> **REQUIRED ACTION**: The lines to return are those below that contain the word "posdefmx".

--- SUPPLIED RECORDS Enclosed Below ---

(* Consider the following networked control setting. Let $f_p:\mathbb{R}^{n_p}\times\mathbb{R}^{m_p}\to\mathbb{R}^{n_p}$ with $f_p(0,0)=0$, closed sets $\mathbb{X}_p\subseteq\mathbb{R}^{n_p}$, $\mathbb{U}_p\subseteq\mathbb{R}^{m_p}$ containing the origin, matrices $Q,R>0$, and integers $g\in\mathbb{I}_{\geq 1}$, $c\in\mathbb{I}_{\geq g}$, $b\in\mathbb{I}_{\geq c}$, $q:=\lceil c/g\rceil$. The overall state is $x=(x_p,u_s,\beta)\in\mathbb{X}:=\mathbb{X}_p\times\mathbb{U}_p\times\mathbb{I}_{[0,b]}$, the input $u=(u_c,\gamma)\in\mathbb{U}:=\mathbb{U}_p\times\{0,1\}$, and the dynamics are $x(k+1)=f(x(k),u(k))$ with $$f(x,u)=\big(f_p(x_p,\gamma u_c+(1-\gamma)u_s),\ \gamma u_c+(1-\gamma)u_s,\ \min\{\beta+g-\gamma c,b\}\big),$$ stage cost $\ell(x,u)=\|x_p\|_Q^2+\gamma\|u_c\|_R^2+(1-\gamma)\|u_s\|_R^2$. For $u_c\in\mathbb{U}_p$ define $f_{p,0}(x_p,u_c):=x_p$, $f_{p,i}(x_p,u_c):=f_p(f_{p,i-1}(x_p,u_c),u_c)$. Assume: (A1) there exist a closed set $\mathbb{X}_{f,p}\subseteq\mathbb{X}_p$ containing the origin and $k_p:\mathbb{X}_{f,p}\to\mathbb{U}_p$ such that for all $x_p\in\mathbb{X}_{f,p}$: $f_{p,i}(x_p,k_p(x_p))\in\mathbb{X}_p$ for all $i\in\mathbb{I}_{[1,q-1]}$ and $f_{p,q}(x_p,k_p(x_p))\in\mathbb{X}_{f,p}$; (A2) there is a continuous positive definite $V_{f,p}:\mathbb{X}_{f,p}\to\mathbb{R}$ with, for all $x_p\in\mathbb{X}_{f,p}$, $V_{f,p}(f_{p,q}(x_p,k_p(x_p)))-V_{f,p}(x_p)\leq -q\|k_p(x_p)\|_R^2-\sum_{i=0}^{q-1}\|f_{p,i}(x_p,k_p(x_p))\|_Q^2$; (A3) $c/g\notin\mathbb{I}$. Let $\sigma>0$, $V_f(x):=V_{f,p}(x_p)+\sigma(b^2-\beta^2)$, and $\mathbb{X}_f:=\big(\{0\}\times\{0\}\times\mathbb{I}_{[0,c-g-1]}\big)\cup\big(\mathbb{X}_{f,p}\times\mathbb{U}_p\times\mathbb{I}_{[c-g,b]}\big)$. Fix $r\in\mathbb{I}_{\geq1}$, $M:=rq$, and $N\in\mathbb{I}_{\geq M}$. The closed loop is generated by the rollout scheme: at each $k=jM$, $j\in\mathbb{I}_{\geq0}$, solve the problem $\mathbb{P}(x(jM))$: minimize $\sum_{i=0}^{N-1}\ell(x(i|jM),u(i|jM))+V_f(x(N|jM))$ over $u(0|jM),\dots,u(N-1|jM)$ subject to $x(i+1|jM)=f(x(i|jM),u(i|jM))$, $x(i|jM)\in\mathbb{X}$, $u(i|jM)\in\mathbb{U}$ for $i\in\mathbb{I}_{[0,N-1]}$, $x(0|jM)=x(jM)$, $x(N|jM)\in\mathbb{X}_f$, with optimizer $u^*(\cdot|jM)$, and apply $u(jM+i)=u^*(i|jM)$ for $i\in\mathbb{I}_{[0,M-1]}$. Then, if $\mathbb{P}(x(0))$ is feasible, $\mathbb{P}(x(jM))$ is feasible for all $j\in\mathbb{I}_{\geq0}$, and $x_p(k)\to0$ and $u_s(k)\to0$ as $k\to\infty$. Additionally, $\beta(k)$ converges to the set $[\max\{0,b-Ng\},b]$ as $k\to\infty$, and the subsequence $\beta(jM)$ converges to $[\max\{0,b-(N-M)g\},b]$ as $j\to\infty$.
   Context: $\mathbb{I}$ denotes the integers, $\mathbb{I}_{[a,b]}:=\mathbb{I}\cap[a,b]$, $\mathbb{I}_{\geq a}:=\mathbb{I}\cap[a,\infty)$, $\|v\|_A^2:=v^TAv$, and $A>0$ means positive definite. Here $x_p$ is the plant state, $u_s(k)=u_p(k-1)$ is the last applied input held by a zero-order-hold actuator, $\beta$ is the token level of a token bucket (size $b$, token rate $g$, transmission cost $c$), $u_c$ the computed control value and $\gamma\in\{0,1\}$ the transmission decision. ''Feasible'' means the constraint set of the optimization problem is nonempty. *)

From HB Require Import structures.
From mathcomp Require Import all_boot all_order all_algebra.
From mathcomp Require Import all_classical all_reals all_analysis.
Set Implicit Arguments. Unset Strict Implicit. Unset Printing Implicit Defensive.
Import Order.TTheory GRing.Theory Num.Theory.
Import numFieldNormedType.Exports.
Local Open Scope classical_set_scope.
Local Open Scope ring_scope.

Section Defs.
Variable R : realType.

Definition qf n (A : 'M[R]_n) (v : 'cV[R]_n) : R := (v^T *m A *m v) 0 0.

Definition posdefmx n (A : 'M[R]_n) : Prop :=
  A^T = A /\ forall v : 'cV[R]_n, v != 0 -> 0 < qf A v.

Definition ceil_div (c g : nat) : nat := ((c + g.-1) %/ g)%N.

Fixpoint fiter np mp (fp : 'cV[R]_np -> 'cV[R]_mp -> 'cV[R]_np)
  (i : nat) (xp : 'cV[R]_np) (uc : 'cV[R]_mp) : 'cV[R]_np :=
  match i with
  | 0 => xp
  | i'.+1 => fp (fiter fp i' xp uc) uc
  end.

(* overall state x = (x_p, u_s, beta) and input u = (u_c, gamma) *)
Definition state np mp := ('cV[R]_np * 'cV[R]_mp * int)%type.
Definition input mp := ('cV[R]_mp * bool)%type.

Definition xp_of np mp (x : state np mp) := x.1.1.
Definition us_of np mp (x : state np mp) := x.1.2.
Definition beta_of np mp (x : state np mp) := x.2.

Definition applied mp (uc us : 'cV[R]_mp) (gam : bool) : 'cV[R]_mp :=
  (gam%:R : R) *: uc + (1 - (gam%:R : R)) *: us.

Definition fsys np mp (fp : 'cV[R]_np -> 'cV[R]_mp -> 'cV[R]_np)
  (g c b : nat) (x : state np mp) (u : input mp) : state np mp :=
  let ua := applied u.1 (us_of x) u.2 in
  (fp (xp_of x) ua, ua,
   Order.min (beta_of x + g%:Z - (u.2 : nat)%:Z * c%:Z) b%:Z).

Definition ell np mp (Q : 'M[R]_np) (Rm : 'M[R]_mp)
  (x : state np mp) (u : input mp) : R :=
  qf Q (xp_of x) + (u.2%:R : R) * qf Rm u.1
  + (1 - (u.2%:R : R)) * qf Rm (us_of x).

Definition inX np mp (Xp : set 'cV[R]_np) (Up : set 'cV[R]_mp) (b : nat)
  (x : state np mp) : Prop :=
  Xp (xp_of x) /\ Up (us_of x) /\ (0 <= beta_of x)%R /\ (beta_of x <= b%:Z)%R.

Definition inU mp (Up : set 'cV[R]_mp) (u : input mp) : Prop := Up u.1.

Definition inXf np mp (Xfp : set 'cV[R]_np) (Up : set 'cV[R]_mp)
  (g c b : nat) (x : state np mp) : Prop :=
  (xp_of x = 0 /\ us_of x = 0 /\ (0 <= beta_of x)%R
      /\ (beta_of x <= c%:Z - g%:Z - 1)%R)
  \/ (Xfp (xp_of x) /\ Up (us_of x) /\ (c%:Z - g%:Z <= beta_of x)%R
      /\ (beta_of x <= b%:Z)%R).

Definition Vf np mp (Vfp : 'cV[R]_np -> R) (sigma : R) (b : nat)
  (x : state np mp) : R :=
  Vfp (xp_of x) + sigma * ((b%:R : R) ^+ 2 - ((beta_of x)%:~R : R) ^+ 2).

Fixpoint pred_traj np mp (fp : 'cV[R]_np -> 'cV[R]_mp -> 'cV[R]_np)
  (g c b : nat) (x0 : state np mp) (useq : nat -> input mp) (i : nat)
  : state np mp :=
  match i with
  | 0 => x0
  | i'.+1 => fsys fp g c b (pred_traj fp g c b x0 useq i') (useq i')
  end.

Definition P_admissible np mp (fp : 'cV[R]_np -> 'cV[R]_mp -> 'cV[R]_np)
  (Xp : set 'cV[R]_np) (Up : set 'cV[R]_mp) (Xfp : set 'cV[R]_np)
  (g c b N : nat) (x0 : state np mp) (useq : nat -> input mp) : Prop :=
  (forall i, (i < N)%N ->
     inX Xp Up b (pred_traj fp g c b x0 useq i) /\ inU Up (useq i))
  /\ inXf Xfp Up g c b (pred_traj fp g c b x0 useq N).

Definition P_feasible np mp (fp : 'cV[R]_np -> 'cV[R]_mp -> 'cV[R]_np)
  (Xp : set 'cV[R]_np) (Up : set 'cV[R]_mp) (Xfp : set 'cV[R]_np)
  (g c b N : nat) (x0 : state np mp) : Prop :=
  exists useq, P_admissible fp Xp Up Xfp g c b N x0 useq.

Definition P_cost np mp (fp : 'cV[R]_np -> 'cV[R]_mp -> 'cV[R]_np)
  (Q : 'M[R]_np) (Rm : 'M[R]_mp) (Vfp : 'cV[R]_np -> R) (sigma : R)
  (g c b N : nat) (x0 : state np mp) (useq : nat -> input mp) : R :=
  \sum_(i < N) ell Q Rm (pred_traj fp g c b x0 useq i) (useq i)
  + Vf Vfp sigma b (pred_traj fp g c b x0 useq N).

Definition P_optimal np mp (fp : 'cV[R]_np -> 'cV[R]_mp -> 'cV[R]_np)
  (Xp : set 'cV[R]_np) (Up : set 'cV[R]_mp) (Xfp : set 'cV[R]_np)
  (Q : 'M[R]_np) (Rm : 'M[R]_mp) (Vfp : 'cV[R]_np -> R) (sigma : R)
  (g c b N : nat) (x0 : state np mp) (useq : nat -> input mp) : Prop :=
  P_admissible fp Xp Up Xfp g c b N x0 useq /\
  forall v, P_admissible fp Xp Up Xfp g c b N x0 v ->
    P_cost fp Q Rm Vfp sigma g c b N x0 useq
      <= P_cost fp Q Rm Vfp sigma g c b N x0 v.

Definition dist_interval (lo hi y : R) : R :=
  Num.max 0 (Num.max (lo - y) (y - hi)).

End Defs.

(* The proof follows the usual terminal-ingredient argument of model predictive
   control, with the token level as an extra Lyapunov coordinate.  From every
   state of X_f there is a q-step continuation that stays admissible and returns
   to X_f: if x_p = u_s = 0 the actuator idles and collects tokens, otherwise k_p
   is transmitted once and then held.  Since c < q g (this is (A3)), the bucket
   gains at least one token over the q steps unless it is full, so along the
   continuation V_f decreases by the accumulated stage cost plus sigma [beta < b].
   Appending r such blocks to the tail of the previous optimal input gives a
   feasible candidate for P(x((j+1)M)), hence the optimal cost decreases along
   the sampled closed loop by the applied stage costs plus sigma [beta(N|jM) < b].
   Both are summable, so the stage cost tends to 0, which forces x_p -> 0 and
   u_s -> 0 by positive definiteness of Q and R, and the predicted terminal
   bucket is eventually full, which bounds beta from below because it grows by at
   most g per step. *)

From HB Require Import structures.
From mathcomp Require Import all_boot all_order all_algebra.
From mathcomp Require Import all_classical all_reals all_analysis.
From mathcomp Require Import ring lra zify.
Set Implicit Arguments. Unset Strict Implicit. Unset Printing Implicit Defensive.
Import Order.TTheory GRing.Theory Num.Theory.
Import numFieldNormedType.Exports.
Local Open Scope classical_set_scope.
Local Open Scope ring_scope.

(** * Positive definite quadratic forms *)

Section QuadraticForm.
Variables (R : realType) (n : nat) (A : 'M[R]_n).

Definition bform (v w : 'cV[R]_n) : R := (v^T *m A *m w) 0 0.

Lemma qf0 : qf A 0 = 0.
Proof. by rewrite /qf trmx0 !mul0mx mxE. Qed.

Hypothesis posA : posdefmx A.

--- End of Enclosed SUPPLIED RECORDS ---

> **REPLY**:
Definition posdefmx n (A : 'M[R]_n) : Prop :=
Hypothesis posA : posdefmx A.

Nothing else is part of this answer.